History

Nazi Germany
- Name: Max Gundelach
- Yard number: 641
- Launched: 16 March 1940
- In service: 30 August 1940
- Fate: Sunk 25 July 1943 by a torpedo from either a British aircraft or motor torpedo boat

General characteristics
- Type: Converted trawler
- Tonnage: 511 GRT
- Length: 51.7 m (169 ft 7 in)
- Beam: 8.3 m (27 ft)
- Propulsion: steam
- Speed: 12 knots (22 km/h; 14 mph)

= German trawler V 801 Max Gundelach =

German Vorpostenboot

V 801 Max Gundelach, originally designated PG-555, was a German fishing trawler which was converted into a Vorpostenboot patrol boat and placed in the 8th Picket Boat Flotilla during World War II.

== Service ==
The ship was originally designed as a fishing boat, launching on 16 July 1940 with the designation PG-555. It was built in Bremerhaven by Schichau Seebeckwerft and was originally owned by Grundmann & Gröschel.

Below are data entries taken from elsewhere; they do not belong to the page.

(* Let $R$ be a hyperring. If $R/nil(R)$ has an idempotent different from its zero and identity elements, then $R$ has an idempotent $e$ with $e\notin\{0,1\}$.
   Context: Standing conventions. A hyperring means a commutative Krasner hyperring with identity: a set $R$ with a hyperoperation $+:R\times R\to\mathcal P^*(R)$ (nonempty subsets; for subsets $A,B$ one sets $A+B=\bigcup_{a\in A,b\in B}a+b$) and a binary operation $\cdot$ such that: $+$ is associative and commutative; there is $0\in R$ with $0+x=\{x\}$ for all $x$; every $x$ has a unique $-x$ with $0\in x+(-x)$; $z\in x+y$ implies $y\in -x+z$ and $x\in z-y$; $(R,\cdot)$ is a commutative monoid with identity $1$; $0\cdot x=0$; and $x(y+z)=xy+xz$. A hyperideal of $R$ is a nonempty $I\subseteq R$ with $a-b\subseteq I$ and $ra\in I$ for all $a,b\in I$, $r\in R$. $nil(R)=\{x\in R: x^n=0\text{ for some }n\in\mathbb N\}$ (a hyperideal). For a hyperideal $I$, the quotient hyperring $R/I=\{x+I:x\in R\}$ has operations $(x+I)+(y+I)=\{z+I: z\in x+y\}$ and $(x+I)(y+I)=xy+I$, zero $I$ and identity $1+I$. *)

(* Commutative Krasner hyperrings with identity. *)
From Stdlib Require Import Arith.

(* A hyperaddition is encoded by its membership relation:
   hadd x y z  means  z \in x + y. *)
Record hyperring := HyperRing {
  carrier :> Type;
  hadd : carrier -> carrier -> carrier -> Prop;
  hmul : carrier -> carrier -> carrier;
  hzero : carrier;
  hone : carrier;
  hneg : carrier -> carrier;
  hadd_nonempty : forall x y, exists z, hadd x y z;
  (* associativity: (x + y) + z = x + (y + z) as sets *)
  hadd_assoc : forall x y z t,
    (exists u, hadd x y u /\ hadd u z t) <-> (exists v, hadd y z v /\ hadd x v t);
  hadd_comm : forall x y z, hadd x y z <-> hadd y x z;
  hadd_zero : forall x z, hadd hzero x z <-> z = x;
  hadd_neg : forall x, hadd x (hneg x) hzero;
  hneg_unique : forall x y, hadd x y hzero -> y = hneg x;
  hadd_rev : forall x y z, hadd x y z -> hadd (hneg x) z y /\ hadd z (hneg y) x;
  hmul_assoc : forall x y z, hmul x (hmul y z) = hmul (hmul x y) z;
  hmul_comm : forall x y, hmul x y = hmul y x;
  hmul_one : forall x, hmul hone x = x;
  hmul_zero : forall x, hmul hzero x = hzero;
  (* x(y + z) = xy + xz as sets *)
  hmul_distr : forall x y z t,
    (exists w, hadd y z w /\ t = hmul x w) <-> hadd (hmul x y) (hmul x z) t
}.

Arguments hadd {h}. Arguments hmul {h}. Arguments hzero {h}.
Arguments hone {h}. Arguments hneg {h}.

Fixpoint hpow {R : hyperring} (x : R) (n : nat) : R :=
  match n with
  | O => hone
  | S m => hmul x (hpow x m)
  end.

Definition hyperideal {R : hyperring} (I : R -> Prop) : Prop :=
  (exists a, I a) /\
  (forall a b z, I a -> I b -> hadd a (hneg b) z -> I z) /\
  (forall r a, I a -> I (hmul r a)).

Definition nilR (R : hyperring) : R -> Prop :=
  fun x => exists n : nat, hpow x n = hzero.

(* The coset x + I = { z | z \in x + i for some i \in I }, an element of R/I. *)
Definition coset {R : hyperring} (I : R -> Prop) (x : R) : R -> Prop :=
  fun z => exists i, I i /\ hadd x i z.

(* Equality of elements of R/I (equality of cosets as subsets of R). *)
Definition coset_eq {R : hyperring} (X Y : R -> Prop) : Prop :=
  forall z, X z <-> Y z.

(* (x+I) is an idempotent of the quotient R/I different from its zero I = 0+I
   and its identity 1+I; multiplication in R/I is (x+I)(y+I) = xy+I. *)
Definition quot_nontrivial_idempotent {R : hyperring} (I : R -> Prop) (x : R) : Prop :=
  coset_eq (coset I (hmul x x)) (coset I x) /\
  ~ coset_eq (coset I x) (coset I hzero) /\
  ~ coset_eq (coset I x) (coset I hone).

(* If x is idempotent modulo nil(R), reversibility turns x - x^2 into the product x w
   of x with some w in 1 - x; so 1 is in x + w and x w is nilpotent, say (x w)^N = 0.
   Expanding 1 = 1^(2N) in (x + w)^(2N), every monomial x^i w^j with i + j = 2N lies in
   x^N R or in w^N R, whence 1 is in e + f with e in x^N R, f in w^N R.  Then e f = 0,
   so e = e 1 lies in e^2 + e f = {e^2}.  If e were 0 then f = 1 and x would be
   nilpotent; if e were 1 then w would be nilpotent and x + nil(R) = 1 + nil(R). *)

From Stdlib Require Import Arith Lia.

Section Hyperring.

Variable R : hyperring.
Implicit Types a b x y z w : R.

Lemma hmulr0 x : hmul x hzero = hzero.
Proof. rewrite hmul_comm. apply hmul_zero. Qed.

Lemma hmulr1 x : hmul x hone = x.
Proof. rewrite hmul_comm. apply hmul_one. Qed.

Lemma hadd_r0 x : hadd x hzero x.
Proof. apply hadd_comm, hadd_zero. reflexivity. Qed.

Lemma hadd_r0_eq x z : hadd x hzero z -> z = x.
Proof. intro H. apply hadd_comm, hadd_zero in H. exact H. Qed.

Lemma hnegK x : hneg (hneg x) = x.
Proof. symmetry. apply hneg_unique, hadd_comm, hadd_neg. Qed.

Lemma hmul_hadd x y z w : hadd y z w -> hadd (hmul x y) (hmul x z) (hmul x w).
Proof. intro H. apply hmul_distr. exists w. split; auto. Qed.

Lemma hmulrN x y : hmul x (hneg y) = hneg (hmul x y).
Proof. apply hneg_unique. rewrite <- (hmulr0 x). apply hmul_hadd, hadd_neg. Qed.

Lemma hmulNr x y : hmul (hneg x) y = hneg (hmul x y).
Proof. rewrite hmul_comm, hmulrN, hmul_comm. reflexivity. Qed.

Lemma hadd_interchange a1 b1 a2 b2 u v w :
  hadd a1 b1 u -> hadd a2 b2 v -> hadd u v w ->
  exists s t, hadd a1 a2 s /\ hadd b1 b2 t /\ hadd s t w.
Proof.
  intros Hu Hv Hw.
  destruct (proj1 (hadd_assoc R a1 b1 v w) (ex_intro _ u (conj Hu Hw))) as [v' [Hv' Hw']].
  apply hadd_comm in Hv'.
  destruct (proj1 (hadd_assoc R a2 b2 b1 v') (ex_intro _ v (conj Hv Hv'))) as [t [Ht Hv'']].
  destruct (proj2 (hadd_assoc R a1 a2 t w) (ex_intro _ v' (conj Hv'' Hw'))) as [s [Hs Hst]].
  exists s, t. split; [exact Hs|split; [apply hadd_comm; exact Ht|exact Hst]].
Qed.

Lemma hpowD x i j : hpow x (i + j) = hmul (hpow x i) (hpow x j).
Proof.
  induction i as [|i IH]; simpl.
  - rewrite hmul_one. reflexivity.
  - rewrite IH, hmul_assoc. reflexivity.
Qed.

Lemma hpowMn x y n : hpow (hmul x y) n = hmul (hpow x n) (hpow y n).
Proof.
  induction n as [|n IH]; simpl.
  - rewrite hmul_one. reflexivity.
  - rewrite IH, !hmul_assoc. f_equal.
    rewrite <- !hmul_assoc. f_equal. apply hmul_comm.
Qed.

Lemma hpow1n n : hpow (@hone R) n = hone.
Proof. induction n as [|n IH]; simpl; [|rewrite IH, hmul_one]; reflexivity. Qed.

Definition psum (A B : R) (y : R) : Prop :=
  exists p q, hadd (hmul A p) (hmul B q) y.

Lemma psum_mul A B r y : psum A B y -> psum A B (hmul r y).
Proof.
  intros [p [q H]]. exists (hmul r p), (hmul r q).
  apply (hmul_hadd r) in H.
  rewrite !hmul_assoc, (hmul_comm R r A), (hmul_comm R r B), <- !hmul_assoc in H.
  exact H.
Qed.

Lemma psum_add A B u v w : psum A B u -> psum A B v -> hadd u v w -> psum A B w.
Proof.
  intros [p1 [q1 Hu]] [p2 [q2 Hv]] Hw.
  destruct (hadd_interchange _ _ _ _ _ _ _ Hu Hv Hw) as [s [t [Hs [Ht Hst]]]].
  apply hmul_distr in Hs. destruct Hs as [p [_ ->]].
  apply hmul_distr in Ht. destruct Ht as [q [_ ->]].
  exists p, q. exact Hst.
Qed.

Inductive hspan (S : R -> Prop) : R -> Prop :=
| hspan_base s : S s -> hspan S s
| hspan_mul r y : hspan S y -> hspan S (hmul r y)
| hspan_add u v w : hspan S u -> hspan S v -> hadd u v w -> hspan S w.

Lemma hspan_hmul (S T : R -> Prop) z y :
  (forall s, S s -> hspan T (hmul z s)) -> hspan S y -> hspan T (hmul z y).
Proof.
  intros HS Hy. induction Hy as [s Hs|r y _ IH|u v w _ IHu _ IHv Huvw].
  - auto.
  - rewrite hmul_assoc, (hmul_comm R z r), <- hmul_assoc. apply hspan_mul, IH.
  - eapply hspan_add; [exact IHu|exact IHv|apply hmul_hadd, Huvw].
Qed.

Lemma hspan_psum (S : R -> Prop) A B y :
  (forall s, S s -> psum A B s) -> hspan S y -> psum A B y.
Proof.
  intros HS Hy. induction Hy as [s Hs|r y _ IH|u v w _ IHu _ IHv Huvw].
  - auto.
  - apply psum_mul, IH.
  - exact (psum_add A B u v w IHu IHv Huvw).
Qed.

Definition monomials (a b : R) (k : nat) (s : R) : Prop :=
  exists i j, i + j = k /\ s = hmul (hpow a i) (hpow b j).

Lemma hpow_hspan_monomials a b z k :
  hadd a b z -> hspan (monomials a b k) (hpow z k).
Proof.
  intro Hz. induction k as [|k IH]; simpl.
  - apply hspan_base. exists 0, 0. simpl. rewrite hmul_one. split; reflexivity.
  - apply (hspan_hmul (monomials a b k)); [|exact IH].
    intros s [i [j [Hij ->]]].
    pose proof (hmul_hadd (hmul (hpow a i) (hpow b j)) _ _ _ Hz) as H.
    rewrite (hmul_comm R _ z) in H.
    eapply hspan_add; [apply hspan_base|apply hspan_base|exact H].
    + exists (S i), j. split; [lia|]. simpl.
      rewrite (hmul_comm R _ a), hmul_assoc. reflexivity.
    + exists i, (S j). split; [lia|]. simpl.
      rewrite <- hmul_assoc, (hmul_comm R _ b). reflexivity.
Qed.

Lemma monomial_psum a b m n i j :
  i + j = m + n -> psum (hpow a m) (hpow b n) (hmul (hpow a i) (hpow b j)).
Proof.
  intro Hij. destruct (le_lt_dec m i) as [Hm|Hm].
  - exists (hmul (hpow a (i - m)) (hpow b j)), hzero.
    rewrite hmulr0, hmul_assoc, <- hpowD. replace (m + (i - m)) with i by lia.
    apply hadd_r0.
  - exists hzero, (hmul (hpow a i) (hpow b (j - n))).
    rewrite hmulr0. apply hadd_zero.
    rewrite hmul_assoc, (hmul_comm R _ (hpow a i)), <- hmul_assoc, <- hpowD.
    do 2 f_equal. lia.
Qed.

Lemma hpow_psum a b z m n :
  hadd a b z -> psum (hpow a m) (hpow b n) (hpow z (m + n)).
Proof.
  intro Hz. apply (hspan_psum (monomials a b (m + n))).
  - intros s [i [j [Hij ->]]]. apply monomial_psum, Hij.
  - apply hpow_hspan_monomials, Hz.
Qed.

Lemma nil_hmul r x : nilR R x -> nilR R (hmul r x).
Proof.
  intros [n Hn]. exists n. rewrite hpowMn, Hn. apply hmulr0.
Qed.

Lemma nil_hneg x : nilR R x -> nilR R (hneg x).
Proof.
  intro Hx. replace (hneg x) with (hmul (hneg hone) x) by (rewrite hmulNr, hmul_one; reflexivity).
  apply nil_hmul, Hx.
Qed.

Lemma nil_hadd a b z : nilR R a -> nilR R b -> hadd a b z -> nilR R z.
Proof.
  intros [m Hm] [n Hn] Hz. exists (m + n).
  destruct (hpow_psum a b z m n Hz) as [p [q Hpq]].
  rewrite Hm, Hn, !hmul_zero in Hpq. apply hadd_zero in Hpq. exact Hpq.
Qed.

Lemma coset_nil_sub a d b :
  hadd a d b -> nilR R d -> forall z, coset (nilR R) a z -> coset (nilR R) b z.
Proof.
  intros Hb Hd z [i [Hi Hz]].
  apply hadd_rev in Hb. destruct Hb as [_ Ha].
  destruct (proj1 (hadd_assoc R b (hneg d) i z) (ex_intro _ a (conj Ha Hz)))
    as [v [Hv Hbv]].
  exists v. split; [|exact Hbv].
  eapply nil_hadd; [apply nil_hneg, Hd|exact Hi|exact Hv].
Qed.

Lemma coset_nil_eq a d b :
  hadd a d b -> nilR R d -> coset_eq (coset (nilR R) a) (coset (nilR R) b).
Proof.
  intros Hb Hd z. split.
  - apply (coset_nil_sub a d b Hb Hd).
  - apply (coset_nil_sub b (hneg d) a); [apply hadd_rev, Hb|apply nil_hneg, Hd].
Qed.

Lemma idempotent_mod_nil_split x :
  coset_eq (coset (nilR R) (hmul x x)) (coset (nilR R) x) ->
  exists w, hadd x w hone /\ nilR R (hmul x w).
Proof.
  intro Hid.
  assert (Hx : coset (nilR R) (hmul x x) x).
  { apply Hid. exists hzero. split; [exists 1; apply hmul_zero|apply hadd_r0]. }
  destruct Hx as [i [Hi Hxi]].
  apply hadd_rev in Hxi. destruct Hxi as [Hxi _]. apply hadd_comm in Hxi.
  rewrite <- (hmulr1 x) in Hxi at 1. rewrite <- hmulrN in Hxi.
  apply hmul_distr in Hxi. destruct Hxi as [w [Hw ->]].
  apply hadd_rev in Hw. destruct Hw as [_ Hw]. rewrite hnegK in Hw.
  exists w. split; [apply hadd_comm, Hw|exact Hi].
Qed.

Lemma idempotent_of_orthogonal (e f : R) :
  hadd e f hone -> hmul e f = hzero -> hmul e e = e.
Proof.
  intros Hef Hef0. apply (hmul_hadd e) in Hef.
  rewrite Hef0, hmulr1 in Hef. symmetry. apply hadd_r0_eq, Hef.
Qed.

Lemma nil_of_cofactor_unit a b (q : R) N :
  hpow (hmul a b) N = hzero -> hmul (hpow b N) q = hone -> nilR R a.
Proof.
  intros Hab Hq. exists N.
  rewrite <- (hmulr1 (hpow a N)), <- Hq, hmul_assoc, <- hpowMn, Hab.
  apply hmul_zero.
Qed.

End Hyperring.

Theorem mainTheorem6 (R : hyperring) :
  (exists x : R, quot_nontrivial_idempotent (nilR R) x) ->
  exists e : R, hmul e e = e /\ e <> hzero /\ e <> hone.
Proof.
  intros [x [Hid [Hn0 Hn1]]].
  destruct (idempotent_mod_nil_split R x Hid) as [w [Hxw [N HN]]].
  destruct (hpow_psum R x w hone N N Hxw) as [p [q Hpq]].
  rewrite hpow1n in Hpq.
  set (e := hmul (hpow x N) p) in Hpq. set (f := hmul (hpow w N) q) in Hpq.
  assert (Hef : hmul e f = hzero).
  { unfold e, f. rewrite <- hmul_assoc, (hmul_assoc R p), (hmul_comm R p),
      <- hmul_assoc, hmul_assoc, <- hpowMn, HN. apply hmul_zero. }
  exists e. split; [|split].
  - exact (idempotent_of_orthogonal R e f Hpq Hef).
  - intro He0. rewrite He0 in Hpq. apply hadd_zero in Hpq.
    apply Hn0, (coset_nil_eq R x (hneg x)); [apply hadd_neg|].
    apply nil_hneg, (nil_of_cofactor_unit R x w q N HN). symmetry. exact Hpq.
  - intro He1. apply Hn1, (coset_nil_eq R x w); [exact Hxw|].
    rewrite hmul_comm in HN. exact (nil_of_cofactor_unit R w x p N HN He1).
Qed.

On 30 August 1940 the ship was requisitioned by the Kriegsmarine, listed as VP 801, and placed as a Vorpostenboot in the 8th Picket Boat Flotilla. On 24 July 1943, the ship was a part of a convoy escorting the ships Möwe, Nordia, and Vasaborg from the Elbe River towards Rotterdam. It was one of five picket boats in the convoy, which also consisted of the submarine hunter UJ 1409 and eight minesweepers. Although Max Gundelach was serving as the convoy's doctor ship, it was still armed with small caliber weapons and depth charges.

On 25 July 1943, while underway with the convoy, the Max Gundelach was sunk by a torpedo west of Terschelling in an engagement with either British aircraft or Motor torpedo boats. The fight was not long, but the picket boat did expend part of its larger caliber ammunition. Eleven of its crew were killed.